WORK TO BE COMPLETED: Your answer should be the exact lines of the data below from the one containing "(* the ordered" through the one containing "H is identified"; please include nothing else.

------------------------------------------------------------

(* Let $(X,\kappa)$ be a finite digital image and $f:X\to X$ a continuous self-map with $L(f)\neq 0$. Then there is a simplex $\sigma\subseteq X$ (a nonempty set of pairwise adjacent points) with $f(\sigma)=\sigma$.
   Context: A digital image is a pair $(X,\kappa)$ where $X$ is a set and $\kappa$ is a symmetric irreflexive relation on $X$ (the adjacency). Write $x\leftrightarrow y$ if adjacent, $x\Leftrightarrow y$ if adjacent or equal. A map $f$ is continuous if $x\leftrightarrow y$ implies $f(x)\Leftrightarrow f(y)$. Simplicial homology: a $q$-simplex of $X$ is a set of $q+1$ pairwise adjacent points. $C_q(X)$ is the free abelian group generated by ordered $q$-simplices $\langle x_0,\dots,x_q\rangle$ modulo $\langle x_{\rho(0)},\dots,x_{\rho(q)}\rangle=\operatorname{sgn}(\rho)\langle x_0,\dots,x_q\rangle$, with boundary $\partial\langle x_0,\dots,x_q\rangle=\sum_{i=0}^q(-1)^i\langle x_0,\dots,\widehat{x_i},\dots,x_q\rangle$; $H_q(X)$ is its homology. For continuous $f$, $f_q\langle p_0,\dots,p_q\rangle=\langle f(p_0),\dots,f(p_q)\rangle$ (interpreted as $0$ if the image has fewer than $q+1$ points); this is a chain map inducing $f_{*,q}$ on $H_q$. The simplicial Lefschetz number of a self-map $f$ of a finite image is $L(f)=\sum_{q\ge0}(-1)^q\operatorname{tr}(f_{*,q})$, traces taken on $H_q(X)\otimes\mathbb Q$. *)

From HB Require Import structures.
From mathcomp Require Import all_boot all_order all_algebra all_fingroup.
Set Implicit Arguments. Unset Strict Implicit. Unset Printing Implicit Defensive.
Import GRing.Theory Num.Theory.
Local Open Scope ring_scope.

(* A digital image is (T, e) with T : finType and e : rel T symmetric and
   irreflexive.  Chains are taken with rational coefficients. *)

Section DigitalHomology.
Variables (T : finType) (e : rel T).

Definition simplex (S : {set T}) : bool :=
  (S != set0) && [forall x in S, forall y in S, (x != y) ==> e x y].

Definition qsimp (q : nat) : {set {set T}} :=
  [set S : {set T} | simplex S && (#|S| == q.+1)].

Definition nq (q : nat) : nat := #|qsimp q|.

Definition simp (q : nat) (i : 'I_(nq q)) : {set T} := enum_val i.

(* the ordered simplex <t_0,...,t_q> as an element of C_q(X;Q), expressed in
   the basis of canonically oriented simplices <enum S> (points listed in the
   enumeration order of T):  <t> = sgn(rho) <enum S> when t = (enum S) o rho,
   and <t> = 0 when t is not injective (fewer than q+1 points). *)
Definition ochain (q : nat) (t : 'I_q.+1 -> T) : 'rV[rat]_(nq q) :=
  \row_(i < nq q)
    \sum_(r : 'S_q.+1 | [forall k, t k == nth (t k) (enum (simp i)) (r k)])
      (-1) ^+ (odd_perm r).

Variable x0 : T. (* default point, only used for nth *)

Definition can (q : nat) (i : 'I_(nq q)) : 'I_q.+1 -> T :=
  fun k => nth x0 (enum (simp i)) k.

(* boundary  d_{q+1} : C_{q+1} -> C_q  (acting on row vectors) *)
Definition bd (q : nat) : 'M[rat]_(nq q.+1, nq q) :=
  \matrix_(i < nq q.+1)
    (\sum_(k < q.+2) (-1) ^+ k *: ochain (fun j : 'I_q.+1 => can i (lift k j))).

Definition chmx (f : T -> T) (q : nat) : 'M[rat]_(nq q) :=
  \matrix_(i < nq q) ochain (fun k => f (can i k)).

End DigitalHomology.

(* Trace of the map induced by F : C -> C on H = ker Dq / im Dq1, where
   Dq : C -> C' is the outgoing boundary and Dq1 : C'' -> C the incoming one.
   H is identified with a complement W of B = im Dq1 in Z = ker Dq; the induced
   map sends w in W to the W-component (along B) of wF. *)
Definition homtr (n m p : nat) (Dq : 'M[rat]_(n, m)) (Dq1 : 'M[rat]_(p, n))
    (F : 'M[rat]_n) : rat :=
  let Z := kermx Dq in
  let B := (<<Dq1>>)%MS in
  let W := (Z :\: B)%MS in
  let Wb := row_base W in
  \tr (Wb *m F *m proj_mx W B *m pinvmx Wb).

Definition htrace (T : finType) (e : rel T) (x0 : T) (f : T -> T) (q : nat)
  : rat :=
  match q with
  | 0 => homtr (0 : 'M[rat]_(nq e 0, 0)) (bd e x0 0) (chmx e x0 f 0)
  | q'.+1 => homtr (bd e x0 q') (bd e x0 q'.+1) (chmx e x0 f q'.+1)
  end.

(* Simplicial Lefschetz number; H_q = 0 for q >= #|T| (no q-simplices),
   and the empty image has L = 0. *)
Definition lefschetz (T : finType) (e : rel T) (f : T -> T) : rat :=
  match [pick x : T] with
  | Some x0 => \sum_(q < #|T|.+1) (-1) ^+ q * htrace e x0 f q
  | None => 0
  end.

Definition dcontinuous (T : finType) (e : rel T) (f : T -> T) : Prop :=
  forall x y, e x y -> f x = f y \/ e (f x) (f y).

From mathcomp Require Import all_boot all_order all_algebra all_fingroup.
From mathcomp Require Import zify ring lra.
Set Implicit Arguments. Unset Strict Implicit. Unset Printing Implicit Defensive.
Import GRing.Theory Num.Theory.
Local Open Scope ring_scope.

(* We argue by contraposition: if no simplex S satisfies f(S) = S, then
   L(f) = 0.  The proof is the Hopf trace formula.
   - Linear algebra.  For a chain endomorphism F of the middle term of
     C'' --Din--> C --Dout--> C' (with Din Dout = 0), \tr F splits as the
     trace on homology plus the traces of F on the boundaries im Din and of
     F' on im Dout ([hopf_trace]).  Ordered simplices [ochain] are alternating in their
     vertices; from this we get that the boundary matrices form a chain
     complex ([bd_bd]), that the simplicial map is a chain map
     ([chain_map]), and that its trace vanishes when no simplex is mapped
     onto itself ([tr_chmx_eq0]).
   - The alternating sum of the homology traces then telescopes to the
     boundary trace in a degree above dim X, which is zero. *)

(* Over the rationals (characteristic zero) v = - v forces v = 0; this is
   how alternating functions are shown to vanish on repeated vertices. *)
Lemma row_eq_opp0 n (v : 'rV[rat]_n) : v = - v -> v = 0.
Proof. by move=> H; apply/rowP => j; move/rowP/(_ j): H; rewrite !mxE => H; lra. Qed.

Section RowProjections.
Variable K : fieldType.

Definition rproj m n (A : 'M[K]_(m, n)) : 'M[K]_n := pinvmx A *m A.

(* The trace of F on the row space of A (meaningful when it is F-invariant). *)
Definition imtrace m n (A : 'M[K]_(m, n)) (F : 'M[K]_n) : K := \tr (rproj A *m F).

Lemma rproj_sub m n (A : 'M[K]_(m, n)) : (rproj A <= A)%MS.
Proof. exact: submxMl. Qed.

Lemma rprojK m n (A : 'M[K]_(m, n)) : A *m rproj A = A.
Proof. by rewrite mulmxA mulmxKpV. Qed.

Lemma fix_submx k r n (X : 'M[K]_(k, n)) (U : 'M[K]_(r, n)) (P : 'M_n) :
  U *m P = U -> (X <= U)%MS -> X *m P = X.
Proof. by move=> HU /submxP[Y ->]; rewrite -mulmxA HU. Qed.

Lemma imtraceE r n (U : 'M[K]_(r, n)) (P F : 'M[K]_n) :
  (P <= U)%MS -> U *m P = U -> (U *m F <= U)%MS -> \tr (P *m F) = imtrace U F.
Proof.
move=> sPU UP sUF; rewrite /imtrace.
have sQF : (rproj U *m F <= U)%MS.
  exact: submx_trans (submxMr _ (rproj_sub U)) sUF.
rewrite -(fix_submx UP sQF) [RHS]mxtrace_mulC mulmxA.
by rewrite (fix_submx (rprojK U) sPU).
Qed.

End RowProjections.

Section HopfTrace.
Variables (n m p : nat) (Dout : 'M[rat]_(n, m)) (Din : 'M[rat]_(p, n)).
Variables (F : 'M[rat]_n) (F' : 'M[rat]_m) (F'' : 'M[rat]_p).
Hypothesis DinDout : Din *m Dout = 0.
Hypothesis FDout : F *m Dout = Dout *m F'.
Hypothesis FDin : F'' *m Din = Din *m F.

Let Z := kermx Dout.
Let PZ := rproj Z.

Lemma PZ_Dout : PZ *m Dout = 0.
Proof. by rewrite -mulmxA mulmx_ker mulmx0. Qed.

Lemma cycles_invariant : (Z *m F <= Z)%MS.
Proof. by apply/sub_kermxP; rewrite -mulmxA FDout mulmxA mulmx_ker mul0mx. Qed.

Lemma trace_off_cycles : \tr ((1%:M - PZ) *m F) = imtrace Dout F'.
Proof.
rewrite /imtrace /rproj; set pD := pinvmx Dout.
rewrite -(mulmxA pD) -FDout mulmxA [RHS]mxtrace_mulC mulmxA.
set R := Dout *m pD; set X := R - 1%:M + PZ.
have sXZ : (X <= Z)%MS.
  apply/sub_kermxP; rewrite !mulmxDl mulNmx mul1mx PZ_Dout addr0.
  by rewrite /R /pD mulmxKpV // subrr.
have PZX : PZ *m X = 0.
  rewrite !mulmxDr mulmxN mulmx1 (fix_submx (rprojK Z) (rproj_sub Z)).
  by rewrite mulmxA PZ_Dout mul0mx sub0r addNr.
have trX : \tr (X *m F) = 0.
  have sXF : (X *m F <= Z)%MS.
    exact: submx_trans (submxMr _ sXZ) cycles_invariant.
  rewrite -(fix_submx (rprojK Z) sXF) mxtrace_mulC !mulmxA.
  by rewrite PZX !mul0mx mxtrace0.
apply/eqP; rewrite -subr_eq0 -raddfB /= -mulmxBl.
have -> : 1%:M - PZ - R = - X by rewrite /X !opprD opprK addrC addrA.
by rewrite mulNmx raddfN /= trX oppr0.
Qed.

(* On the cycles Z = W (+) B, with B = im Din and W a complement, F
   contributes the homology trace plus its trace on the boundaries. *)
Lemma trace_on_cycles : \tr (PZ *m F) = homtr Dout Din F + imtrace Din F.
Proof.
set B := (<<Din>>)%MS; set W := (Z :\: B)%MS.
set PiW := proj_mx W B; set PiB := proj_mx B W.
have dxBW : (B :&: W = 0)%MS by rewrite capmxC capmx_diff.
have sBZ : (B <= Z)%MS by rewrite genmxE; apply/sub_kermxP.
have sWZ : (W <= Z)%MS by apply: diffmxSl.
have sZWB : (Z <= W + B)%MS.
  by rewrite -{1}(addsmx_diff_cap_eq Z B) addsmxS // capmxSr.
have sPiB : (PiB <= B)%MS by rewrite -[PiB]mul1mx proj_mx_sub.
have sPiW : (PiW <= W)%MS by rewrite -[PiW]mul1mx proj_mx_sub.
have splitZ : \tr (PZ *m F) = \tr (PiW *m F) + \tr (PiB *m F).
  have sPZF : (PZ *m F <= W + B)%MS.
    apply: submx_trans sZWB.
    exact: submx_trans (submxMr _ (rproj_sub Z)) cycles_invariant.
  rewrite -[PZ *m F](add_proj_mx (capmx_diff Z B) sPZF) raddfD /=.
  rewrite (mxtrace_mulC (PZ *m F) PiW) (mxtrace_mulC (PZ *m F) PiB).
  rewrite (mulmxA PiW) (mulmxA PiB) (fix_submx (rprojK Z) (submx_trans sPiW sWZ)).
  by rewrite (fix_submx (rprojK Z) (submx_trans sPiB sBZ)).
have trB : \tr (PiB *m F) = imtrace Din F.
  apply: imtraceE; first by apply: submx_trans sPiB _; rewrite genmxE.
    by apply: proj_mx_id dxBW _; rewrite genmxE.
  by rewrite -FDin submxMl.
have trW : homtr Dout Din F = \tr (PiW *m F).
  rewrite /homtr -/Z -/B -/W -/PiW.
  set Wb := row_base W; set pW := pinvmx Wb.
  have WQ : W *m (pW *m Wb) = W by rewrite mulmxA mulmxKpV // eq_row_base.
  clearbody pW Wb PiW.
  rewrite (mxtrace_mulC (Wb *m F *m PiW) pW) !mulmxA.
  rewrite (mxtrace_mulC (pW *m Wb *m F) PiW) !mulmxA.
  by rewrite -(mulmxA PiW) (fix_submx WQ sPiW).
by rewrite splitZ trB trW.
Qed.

------------------------------------------------------------

SOLUTION FOR THIS TASK:
(* the ordered simplex <t_0,...,t_q> as an element of C_q(X;Q), expressed in
   the basis of canonically oriented simplices <enum S> (points listed in the
   enumeration order of T):  <t> = sgn(rho) <enum S> when t = (enum S) o rho,
   and <t> = 0 when t is not injective (fewer than q+1 points). *)
Definition ochain (q : nat) (t : 'I_q.+1 -> T) : 'rV[rat]_(nq q) :=
  \row_(i < nq q)
    \sum_(r : 'S_q.+1 | [forall k, t k == nth (t k) (enum (simp i)) (r k)])
      (-1) ^+ (odd_perm r).

Variable x0 : T. (* default point, only used for nth *)

Definition can (q : nat) (i : 'I_(nq q)) : 'I_q.+1 -> T :=
  fun k => nth x0 (enum (simp i)) k.

(* boundary  d_{q+1} : C_{q+1} -> C_q  (acting on row vectors) *)
Definition bd (q : nat) : 'M[rat]_(nq q.+1, nq q) :=
  \matrix_(i < nq q.+1)
    (\sum_(k < q.+2) (-1) ^+ k *: ochain (fun j : 'I_q.+1 => can i (lift k j))).

Definition chmx (f : T -> T) (q : nat) : 'M[rat]_(nq q) :=
  \matrix_(i < nq q) ochain (fun k => f (can i k)).

End DigitalHomology.

(* Trace of the map induced by F : C -> C on H = ker Dq / im Dq1, where
   Dq : C -> C' is the outgoing boundary and Dq1 : C'' -> C the incoming one.
   H is identified with a complement W of B = im Dq1 in Z = ker Dq; the induced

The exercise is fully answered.